Records contained in a dataset
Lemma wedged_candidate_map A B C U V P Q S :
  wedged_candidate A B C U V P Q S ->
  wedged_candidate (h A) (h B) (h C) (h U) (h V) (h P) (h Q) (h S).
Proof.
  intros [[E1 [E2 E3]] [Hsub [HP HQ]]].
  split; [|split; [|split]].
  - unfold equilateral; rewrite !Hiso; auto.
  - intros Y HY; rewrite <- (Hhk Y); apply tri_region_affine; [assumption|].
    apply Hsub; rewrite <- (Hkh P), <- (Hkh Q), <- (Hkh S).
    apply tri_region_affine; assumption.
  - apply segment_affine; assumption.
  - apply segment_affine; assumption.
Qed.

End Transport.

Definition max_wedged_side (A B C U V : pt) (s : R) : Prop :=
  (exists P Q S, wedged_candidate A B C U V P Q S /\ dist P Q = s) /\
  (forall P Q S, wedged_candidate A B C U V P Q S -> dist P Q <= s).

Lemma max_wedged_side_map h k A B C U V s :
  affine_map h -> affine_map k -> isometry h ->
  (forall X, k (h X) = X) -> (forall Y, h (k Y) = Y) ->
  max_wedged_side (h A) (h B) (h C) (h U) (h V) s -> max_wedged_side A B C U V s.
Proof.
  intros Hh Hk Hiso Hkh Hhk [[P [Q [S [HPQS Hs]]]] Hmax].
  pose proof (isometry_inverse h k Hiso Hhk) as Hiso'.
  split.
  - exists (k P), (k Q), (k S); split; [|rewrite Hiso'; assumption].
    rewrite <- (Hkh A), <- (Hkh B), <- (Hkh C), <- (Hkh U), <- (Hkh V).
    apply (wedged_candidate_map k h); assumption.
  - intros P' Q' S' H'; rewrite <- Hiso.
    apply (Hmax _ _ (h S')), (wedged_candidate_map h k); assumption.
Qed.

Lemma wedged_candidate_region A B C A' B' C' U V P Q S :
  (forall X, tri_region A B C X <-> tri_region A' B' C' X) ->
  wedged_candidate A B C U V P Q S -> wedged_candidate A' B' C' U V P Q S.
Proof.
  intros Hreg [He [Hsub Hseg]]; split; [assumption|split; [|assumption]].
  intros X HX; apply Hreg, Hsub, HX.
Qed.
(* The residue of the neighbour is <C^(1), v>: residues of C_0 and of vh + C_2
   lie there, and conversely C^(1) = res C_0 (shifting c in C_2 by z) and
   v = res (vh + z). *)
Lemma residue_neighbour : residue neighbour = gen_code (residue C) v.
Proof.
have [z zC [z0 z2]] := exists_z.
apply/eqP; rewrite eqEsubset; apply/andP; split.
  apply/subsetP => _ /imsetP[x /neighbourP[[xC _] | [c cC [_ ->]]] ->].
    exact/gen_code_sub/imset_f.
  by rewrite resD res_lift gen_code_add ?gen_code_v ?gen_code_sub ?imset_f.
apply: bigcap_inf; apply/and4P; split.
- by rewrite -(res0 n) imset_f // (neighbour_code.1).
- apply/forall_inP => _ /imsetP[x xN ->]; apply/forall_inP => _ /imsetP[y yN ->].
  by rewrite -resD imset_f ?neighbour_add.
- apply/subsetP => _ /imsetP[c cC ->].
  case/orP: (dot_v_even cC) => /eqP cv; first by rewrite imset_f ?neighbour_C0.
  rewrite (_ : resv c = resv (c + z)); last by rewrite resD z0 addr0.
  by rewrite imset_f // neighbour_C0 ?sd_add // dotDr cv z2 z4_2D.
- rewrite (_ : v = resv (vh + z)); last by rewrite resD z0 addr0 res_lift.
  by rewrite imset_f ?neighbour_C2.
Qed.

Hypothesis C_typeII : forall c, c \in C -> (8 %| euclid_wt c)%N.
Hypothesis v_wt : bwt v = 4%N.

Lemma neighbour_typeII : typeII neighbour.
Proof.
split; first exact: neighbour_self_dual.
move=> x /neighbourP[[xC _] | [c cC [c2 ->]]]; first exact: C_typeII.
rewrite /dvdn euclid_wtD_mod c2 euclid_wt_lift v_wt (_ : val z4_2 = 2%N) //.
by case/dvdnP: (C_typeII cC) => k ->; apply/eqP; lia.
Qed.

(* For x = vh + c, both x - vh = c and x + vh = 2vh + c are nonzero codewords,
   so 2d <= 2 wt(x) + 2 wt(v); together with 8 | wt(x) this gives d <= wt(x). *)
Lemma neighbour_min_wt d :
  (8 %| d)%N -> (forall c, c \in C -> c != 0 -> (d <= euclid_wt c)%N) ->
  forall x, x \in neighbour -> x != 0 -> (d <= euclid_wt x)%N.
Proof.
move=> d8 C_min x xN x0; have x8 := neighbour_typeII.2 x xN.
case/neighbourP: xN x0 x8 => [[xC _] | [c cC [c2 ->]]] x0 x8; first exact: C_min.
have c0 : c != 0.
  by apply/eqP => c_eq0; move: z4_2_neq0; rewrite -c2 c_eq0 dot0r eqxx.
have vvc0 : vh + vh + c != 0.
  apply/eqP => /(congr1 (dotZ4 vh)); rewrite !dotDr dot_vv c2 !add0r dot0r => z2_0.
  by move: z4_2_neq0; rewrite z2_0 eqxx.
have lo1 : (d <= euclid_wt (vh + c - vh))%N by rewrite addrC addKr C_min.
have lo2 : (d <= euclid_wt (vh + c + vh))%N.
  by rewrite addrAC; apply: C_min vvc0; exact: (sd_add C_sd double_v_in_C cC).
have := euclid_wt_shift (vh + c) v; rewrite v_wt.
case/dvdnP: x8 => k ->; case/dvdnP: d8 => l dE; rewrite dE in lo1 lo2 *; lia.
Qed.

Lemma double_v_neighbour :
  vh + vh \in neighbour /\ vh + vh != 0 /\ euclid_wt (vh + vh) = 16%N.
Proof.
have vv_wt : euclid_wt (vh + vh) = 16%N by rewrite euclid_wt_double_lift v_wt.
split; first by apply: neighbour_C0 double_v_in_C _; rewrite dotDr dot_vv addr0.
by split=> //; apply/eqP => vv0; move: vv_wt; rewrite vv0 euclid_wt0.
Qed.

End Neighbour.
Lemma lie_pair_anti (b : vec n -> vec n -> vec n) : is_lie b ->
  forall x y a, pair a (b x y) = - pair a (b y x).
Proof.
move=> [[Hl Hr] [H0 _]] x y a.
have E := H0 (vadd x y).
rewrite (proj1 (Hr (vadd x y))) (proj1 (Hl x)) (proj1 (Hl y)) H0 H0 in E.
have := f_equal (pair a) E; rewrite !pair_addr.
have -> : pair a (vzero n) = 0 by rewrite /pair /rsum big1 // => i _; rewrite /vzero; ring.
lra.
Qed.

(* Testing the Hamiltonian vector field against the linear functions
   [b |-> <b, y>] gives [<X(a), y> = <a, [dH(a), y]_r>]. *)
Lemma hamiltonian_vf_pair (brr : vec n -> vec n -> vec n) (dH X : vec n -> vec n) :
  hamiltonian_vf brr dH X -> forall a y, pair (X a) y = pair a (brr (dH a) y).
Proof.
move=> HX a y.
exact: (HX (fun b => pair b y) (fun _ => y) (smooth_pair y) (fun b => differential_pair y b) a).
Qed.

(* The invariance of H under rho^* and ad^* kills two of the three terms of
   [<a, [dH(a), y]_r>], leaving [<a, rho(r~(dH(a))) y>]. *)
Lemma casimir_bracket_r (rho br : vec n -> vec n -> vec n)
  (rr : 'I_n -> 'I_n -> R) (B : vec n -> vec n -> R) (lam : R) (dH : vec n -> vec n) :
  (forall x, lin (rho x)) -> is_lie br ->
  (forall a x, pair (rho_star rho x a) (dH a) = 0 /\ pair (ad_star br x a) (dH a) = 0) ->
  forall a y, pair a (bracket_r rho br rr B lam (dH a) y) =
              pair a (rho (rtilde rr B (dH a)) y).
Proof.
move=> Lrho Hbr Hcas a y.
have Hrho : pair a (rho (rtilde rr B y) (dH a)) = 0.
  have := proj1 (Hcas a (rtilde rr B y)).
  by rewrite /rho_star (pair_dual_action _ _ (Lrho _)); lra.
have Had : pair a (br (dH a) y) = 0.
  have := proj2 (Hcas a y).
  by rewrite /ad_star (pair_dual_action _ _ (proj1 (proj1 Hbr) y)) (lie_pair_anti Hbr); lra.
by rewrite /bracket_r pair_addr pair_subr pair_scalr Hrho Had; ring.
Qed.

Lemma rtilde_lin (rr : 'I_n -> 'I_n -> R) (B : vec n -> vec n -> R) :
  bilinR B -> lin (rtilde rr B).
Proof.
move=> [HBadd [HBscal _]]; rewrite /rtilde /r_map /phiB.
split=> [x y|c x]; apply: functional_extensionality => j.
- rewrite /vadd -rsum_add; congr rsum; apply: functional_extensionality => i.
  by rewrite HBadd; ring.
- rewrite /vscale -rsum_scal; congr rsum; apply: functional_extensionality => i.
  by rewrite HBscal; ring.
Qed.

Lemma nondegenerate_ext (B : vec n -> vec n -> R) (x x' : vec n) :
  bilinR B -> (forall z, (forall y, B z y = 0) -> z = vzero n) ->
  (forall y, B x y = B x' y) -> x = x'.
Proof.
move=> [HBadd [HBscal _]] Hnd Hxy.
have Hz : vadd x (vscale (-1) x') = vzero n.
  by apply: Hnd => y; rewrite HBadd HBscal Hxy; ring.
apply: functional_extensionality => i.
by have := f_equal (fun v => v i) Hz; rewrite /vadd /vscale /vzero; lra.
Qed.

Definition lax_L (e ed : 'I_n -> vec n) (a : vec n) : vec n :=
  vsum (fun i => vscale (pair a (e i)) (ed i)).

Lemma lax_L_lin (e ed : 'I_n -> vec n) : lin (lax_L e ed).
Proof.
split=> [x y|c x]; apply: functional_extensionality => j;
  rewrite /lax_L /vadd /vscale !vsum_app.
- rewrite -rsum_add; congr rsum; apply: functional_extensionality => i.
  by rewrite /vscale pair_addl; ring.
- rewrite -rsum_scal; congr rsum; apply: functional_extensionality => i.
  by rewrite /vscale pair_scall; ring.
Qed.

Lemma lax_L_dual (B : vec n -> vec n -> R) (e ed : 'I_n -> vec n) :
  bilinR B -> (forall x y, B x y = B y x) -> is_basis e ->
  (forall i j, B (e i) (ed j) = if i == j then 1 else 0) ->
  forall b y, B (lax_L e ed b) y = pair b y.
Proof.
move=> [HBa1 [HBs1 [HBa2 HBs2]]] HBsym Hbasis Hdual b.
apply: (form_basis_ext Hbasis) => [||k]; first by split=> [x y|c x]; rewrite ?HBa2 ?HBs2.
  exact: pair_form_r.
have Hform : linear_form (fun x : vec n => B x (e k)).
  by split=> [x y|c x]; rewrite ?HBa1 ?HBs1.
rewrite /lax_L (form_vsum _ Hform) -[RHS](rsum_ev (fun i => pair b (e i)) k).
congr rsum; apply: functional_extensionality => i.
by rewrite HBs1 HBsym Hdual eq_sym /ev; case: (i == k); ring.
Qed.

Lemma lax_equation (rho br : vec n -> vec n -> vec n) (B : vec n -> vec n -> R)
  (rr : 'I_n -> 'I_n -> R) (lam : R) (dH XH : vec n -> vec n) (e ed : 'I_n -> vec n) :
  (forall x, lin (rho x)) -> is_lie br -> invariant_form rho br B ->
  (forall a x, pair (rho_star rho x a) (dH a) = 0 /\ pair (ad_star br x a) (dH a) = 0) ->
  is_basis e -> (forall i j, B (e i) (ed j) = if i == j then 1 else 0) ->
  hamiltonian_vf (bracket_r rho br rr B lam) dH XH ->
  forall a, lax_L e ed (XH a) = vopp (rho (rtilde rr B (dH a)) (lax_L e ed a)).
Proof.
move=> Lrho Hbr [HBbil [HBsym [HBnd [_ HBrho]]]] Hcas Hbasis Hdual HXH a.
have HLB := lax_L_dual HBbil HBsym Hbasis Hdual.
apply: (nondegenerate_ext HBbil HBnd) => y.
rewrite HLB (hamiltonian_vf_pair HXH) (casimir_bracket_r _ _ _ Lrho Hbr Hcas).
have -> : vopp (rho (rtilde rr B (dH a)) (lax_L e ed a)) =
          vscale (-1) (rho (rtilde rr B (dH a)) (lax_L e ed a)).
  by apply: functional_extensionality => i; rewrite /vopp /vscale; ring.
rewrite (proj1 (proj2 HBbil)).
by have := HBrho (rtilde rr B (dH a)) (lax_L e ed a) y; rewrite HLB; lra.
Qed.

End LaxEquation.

→ Instructions to follow
Taking the line that contains "rewrite (proj1 (proj2 HBbil))." as the first, reproduce every line through the end of the entries exactly.

→ Response
rewrite (proj1 (proj2 HBbil)).
by have := HBrho (rtilde rr B (dH a)) (lax_L e ed a) y; rewrite HLB; lra.
Qed.

End LaxEquation.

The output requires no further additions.